# [Task statement]
Where a line below holds the string "exists", that line goes into the answer.

# [Extracted material]
------------------------------------

(* For a negative variance [Num.sqrt] returns [0], so [gauss_law] would make both
   [G w] and [2 * G w] uniform on [[0, 1]]. *)
Lemma gaussian_vector_var_ge0 w : 0 <= cov w w.
Proof.
rewrite leNgt; apply/negP => cov_lt0.
have [_ law1] := gaussian_vector_scaled_coord w 1.
have [_ law2] := gaussian_vector_scaled_coord w 2.
have sameE : (fun om => 2 * G om w) @^-1` `](2^-1 : R), 1] =
             (fun om => 1 * G om w) @^-1` `](4^-1 : R), 2^-1].
  by apply/seteqP; split => om /=; rewrite !in_itv /= => /andP[? ?]; apply/andP; split; lra.
have := law2 _ (measurable_itv `](2^-1 : R), 1]).
rewrite sameE law1; last exact: measurable_itv.
have cov2_lt0 : 2 * 2 * cov w w < 0 by nra.
rewrite /gauss_law !mul1r (negbTE (ltr0_neq0 cov_lt0)) (negbTE (ltr0_neq0 cov2_lt0)).
have u1 : normal_prob (mean w) 0 `](4^-1 : R), 2^-1] = (2^-1 - 4^-1)%:E.
  by apply: normal_prob0_itv; lra.
have u2 : normal_prob (2 * mean w) 0 `](2^-1 : R), 1] = (1 - 2^-1)%:E.
  by apply: normal_prob0_itv; lra.
by rewrite !ltr0_sqrtr // u1 u2 => -[]; lra.
Qed.

End gaussian_vector_coordinates.

Lemma measure_bigsetU_le d (T : measurableType d) (R : realType)
    (mu : {measure set T -> \bar R}) (I : eqType) (s : seq I) (F : I -> set T) (r : R) :
  (forall i, measurable (F i)) -> (forall i, (mu (F i) <= r%:E)%E) ->
  (mu (\big[setU/set0]_(i <- s) F i) <= ((size s)%:R * r)%:E)%E.
Proof.
move=> mF muF; elim: s => [|i s IHs]; first by rewrite big_nil measure0 mul0r.
rewrite big_cons /= -add1n natrD mulrDl mul1r EFinD.
have mU : measurable (\big[setU/set0]_(j <- s) F j) by exact: bigsetU_measurable.
exact: le_trans (measureU2 _ (mF i) mU) (leeD (muF i) IHs).
Qed.

Lemma probability_ge_of_cover d (T : measurableType d) (R : realType)
    (P : probability T R) (A B C : set T) (p e : R) :
  measurable A -> measurable B -> measurable C -> A `<=` B `|` C ->
  (p%:E <= P A)%E -> (P C <= e%:E)%E -> ((p - e)%:E <= P B)%E.
Proof.
move=> mA mB mC ABC pA Ce.
have pBe : (p%:E <= P B + e%:E)%E.
  apply: le_trans pA (le_trans (le_measure _ _ _ ABC) _); rewrite ?inE //.
  - exact: measurableU.
  - exact: le_trans (measureU2 _ mB mC) (leeD2l _ Ce).
by rewrite EFinB leeBlDr.
Qed.

Lemma expRN_sqr_sqrt_ln (R : realType) (M : R) : 1 <= M ->
  expR (- (Num.sqrt (2 * ln M) ^+ 2 / 2)) = M^-1.
Proof.
move=> M1; rewrite sqr_sqrtr ?mulr_ge0 ?ln_ge0 // mulrC mulKf ?pnatr_eq0 //.
by rewrite expRN lnK // posrE; lra.
Qed.

Lemma unsaturated_of_sample_bounds (R : realType) (Z Q : finType)
    (g mu sd gs : Z * Q -> R) (rhom nu L : R) (zt : Z) (xstar x : Q) :
  Ef_event g mu sd rhom nu ->
  mu (zt, xstar) + nu * sd (zt, xstar) <= gs (zt, xstar) ->
  gs (zt, xstar) <= gs (zt, x) ->
  gs (zt, x) <= mu (zt, x) + L * (nu * sd (zt, x)) ->
  ~~ saturated g sd rhom (nu * (1 + L)) zt xstar x.
Proof.
move=> Ef opt_hi x_ge x_lo; rewrite /saturated -leNgt.
have Efw w : - (nu * sd w) <= mu w - rhom * g w <= nu * sd w by rewrite -ler_norml Ef.
have /andP[opt_lo _] := Efw (zt, xstar).
have /andP[_ x_hi] := Efw (zt, x).
rewrite mulrBr (_ : nu * (1 + L) * _ = nu * sd (zt, x) + L * (nu * sd (zt, x))); last by ring.
lra.
Qed.

Lemma natr_card_div_le (R : realFieldType) (a b n : nat) : (0 < a)%N -> (0 < b)%N ->
  b%:R / (a * b * n)%:R <= (n%:R)^-1 :> R.
Proof.
move=> a0 b0; have [->|n0] := posnP n; first by rewrite muln0 !invr0 mulr0.
have -> : b%:R / (a * b * n)%:R = (a%:R)^-1 * (n%:R)^-1 :> R.
  by rewrite !natrM; field; rewrite !pnatr_eq0 -!lt0n a0 b0 n0.
by rewrite ler_piMl ?invr_ge0 ?ler0n // invf_le1 ?ler1n ?ltr0n.
Qed.

Section thompson_sampling_step.
Variables (R : realType) (Z Q : finType) (d : measure_display) (Omega : measurableType d).
Variables (P : probability Omega R) (G : Omega -> Z * Q -> R) (xt : Omega -> Q).
Variables (mu : Z * Q -> R) (C : Z * Q -> Z * Q -> R) (nu : R).
Variables (g : Z * Q -> R) (rhom : R) (zt : Z) (xstar : Q).
Let sd w := Num.sqrt (C w w).
Hypothesis nu_ge0 : 0 <= nu.
Hypothesis gaussG : gaussian_vector P G mu (fun w w' => nu ^+ 2 * C w w').
Hypothesis Ef : Ef_event g mu sd rhom nu.
Hypothesis measurable_xt : forall x, measurable (xt @^-1` [set x]).
Hypothesis xt_argmax : forall om x, G om (zt, x) <= G om (zt, xt om).

Let sample_sdE w : Num.sqrt (nu ^+ 2 * C w w) = nu * sd w.
Proof. by rewrite sqrtrM ?sqr_ge0 // sqrtr_sqr ger0_norm. Qed.

Let opt_high := (fun om => G om (zt, xstar)) @^-1`
  `[(mu (zt, xstar) + nu * sd (zt, xstar))%R, +oo[.
Let overshoot L x := (fun om => G om (zt, x)) @^-1`
  `](mu (zt, x) + L * (nu * sd (zt, x)))%R, +oo[.
Let unsaturated c := [set om | ~~ saturated g sd rhom c zt xstar (xt om)].

Let p_const_le_opt_high : (p_const%:E <= P opt_high)%E.
Proof.
rewrite /opt_high -sample_sdE (gaussian_vector_coord_law gaussG); last exact: measurable_itv.
exact/gauss_law_ge_p_const/(gaussian_vector_var_ge0 gaussG).
Qed.

Let overshoot_le L x : 0 <= L -> (P (overshoot L x) <= (expR (- (L ^+ 2 / 2)))%:E)%E.
Proof.
move=> L0; rewrite /overshoot -sample_sdE (gaussian_vector_coord_law gaussG).
  exact/gauss_law_upper_tail/L0/(gaussian_vector_var_ge0 gaussG).
exact: measurable_itv.
Qed.

Let measurable_unsaturated c : measurable (unsaturated c).
Proof.
have -> : unsaturated c =
    \bigcup_(x in [set x | ~~ saturated g sd rhom c zt xstar x]) (xt @^-1` [set x]).
  apply/seteqP; split => [om ?|om [x ? /= xE]]; first by exists (xt om).
  by rewrite /unsaturated /= xE.
by apply: fin_bigcup_measurable => //; exact: finite_finset.
Qed.

Let opt_high_sub L :
  opt_high `<=` unsaturated (nu * (1 + L)) `|` \big[setU/set0]_(x <- enum Q) overshoot L x.
Proof.
move=> om opt_om.
have [|no_overshoot] := pselect ((\big[setU/set0]_(x <- enum Q) overshoot L x) om).
  by right.
left; apply: (unsaturated_of_sample_bounds Ef _ (xt_argmax om xstar)).
  by move: opt_om; rewrite /opt_high /= in_itv /= andbT.
rewrite leNgt; apply/negP => over_om; apply: no_overshoot.
rewrite -bigcup_seq; exists (xt om); first by rewrite /= mem_enum.
by rewrite /overshoot /= in_itv /= over_om.
Qed.

Lemma unsaturated_prob_ge t : (0 < t)%N ->
  ((p_const - 1 / t%:R ^+ 2)%:E <=
     P [set om | ~~ saturated g sd rhom (c_t Z Q nu t) zt xstar (xt om)])%E.
Proof.
move=> t0; set M : R := (#|Z| * #|Q| * t ^ 2)%N%:R.
have [Z0 Q0] : (0 < #|Z|)%N /\ (0 < #|Q|)%N by split; apply/card_gt0P; [exists zt | exists xstar].
have M1 : 1 <= M by rewrite ler1n !muln_gt0 Z0 Q0 ?expn_gt0 t0.
have L0 : 0 <= Num.sqrt (2 * ln M) := sqrtr_ge0 _.
have m_coord x (i : interval R) : measurable ((fun om => G om (zt, x)) @^-1` [set` i]).
  by apply: (measurable_gaussian_vector_coord gaussG); exact: measurable_itv.
have m_over : measurable (\big[setU/set0]_(x <- enum Q) overshoot (Num.sqrt (2 * ln M)) x).
  by apply: bigsetU_measurable => x _; exact: m_coord.
apply: (probability_ge_of_cover (m_coord _ _) (measurable_unsaturated _) m_over
  (opt_high_sub _) p_const_le_opt_high).
apply: le_trans (measure_bigsetU_le _ (fun x => m_coord x _) (fun x => overshoot_le x L0)) _.
rewrite expRN_sqr_sqrt_ln // -cardT lee_fin div1r -natrX.
exact: natr_card_div_le.
Qed.

End thompson_sampling_step.

Lemma nu_t_ge0 (R : realType) (Z Q : finType) (k : Z * Q -> Z * Q -> R)
    (lam Bf Rn By delta : R) (m t : nat) (ws : 'I_t.-1 -> Z * Q) :
  0 <= Bf -> 0 <= Rn -> 0 <= By -> 0 <= nu_t k lam Bf Rn By delta m ws.
Proof.
move=> Bf0 Rn0 By0; rewrite /nu_t /beta_t.
by rewrite !addr_ge0 ?mulr_ge0 ?addr_ge0 ?sqrtr_ge0 // sumr_ge0 // => i _; exact: sqrtr_ge0.
Qed.

Theorem lemma10
  (R : realType) (Z Q : finType)
  (k : Z * Q -> Z * Q -> R) (g : Z * Q -> R)
  (lam Bf Rn By delta : R) (D : nat -> R) (m t : nat)
  (ws : 'I_t.-1 -> Z * Q) (y : 'I_t.-1 -> R) (dl : 'I_t.-1 -> nat)
  (zt : Z) (xstar : Q)
  (d : measure_display) (Omega : measurableType d) (P : probability Omega R)
  (gt : Omega -> Z * Q -> R) (xt : Omega -> Q) :
  psd_kernel k -> (forall w w', k w w' <= 1) ->
  0 <= Bf -> rkhs_norm_le k g Bf ->
  0 < lam -> 0 < delta < 1 -> 0 <= Rn -> 0 <= By ->
  (forall i, 0 <= D i) -> series D @ \oo --> (1 : R) ->
  (1 <= m)%N -> (1 <= t)%N ->
  (forall i, `|y i| <= By) ->
  (forall x, g (zt, x) <= g (zt, xstar)) ->
  let mu := post_mean k lam ws (ytil m t y dl) in
  let sd := post_sd k lam ws in
  let nu := nu_t k lam Bf Rn By delta m ws in
  let c := c_t Z Q nu t in
  let rhom := rho D m in
  Ef_event g mu sd rhom nu ->
  gaussian_vector P gt mu (fun w w' => nu ^+ 2 * post_cov k lam ws w w') ->
  (forall x, measurable (xt @^-1` [set x])) ->
  (forall om x, gt om (zt, x) <= gt om (zt, xt om)) ->
  ((p_const - 1 / (t%:R ^+ 2))%:E <=
     P [set om | ~~ saturated g sd rhom c zt xstar (xt om)])%E.
Proof.
(* Beyond E^f(t), only [0 <= Bf, Rn, By] (giving [0 <= nu]) is used; the other
   hypotheses only serve to make E^f(t) likely. *)
move=> _ _ Bf0 _ _ _ Rn0 By0 _ _ _ t_gt0 _ _ mu sd nu c rhom Ef gaussG measurable_xt argmax.
have nu_ge0 : 0 <= nu by exact: nu_t_ge0.
exact: (unsaturated_prob_ge xstar nu_ge0 gaussG Ef measurable_xt argmax t_gt0).
Qed.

------------------------------------

# [Answer box]
  apply/seteqP; split => [om ?|om [x ? /= xE]]; first by exists (xt om).
rewrite -bigcup_seq; exists (xt om); first by rewrite /= mem_enum.
have [Z0 Q0] : (0 < #|Z|)%N /\ (0 < #|Q|)%N by split; apply/card_gt0P; [exists zt | exists xstar].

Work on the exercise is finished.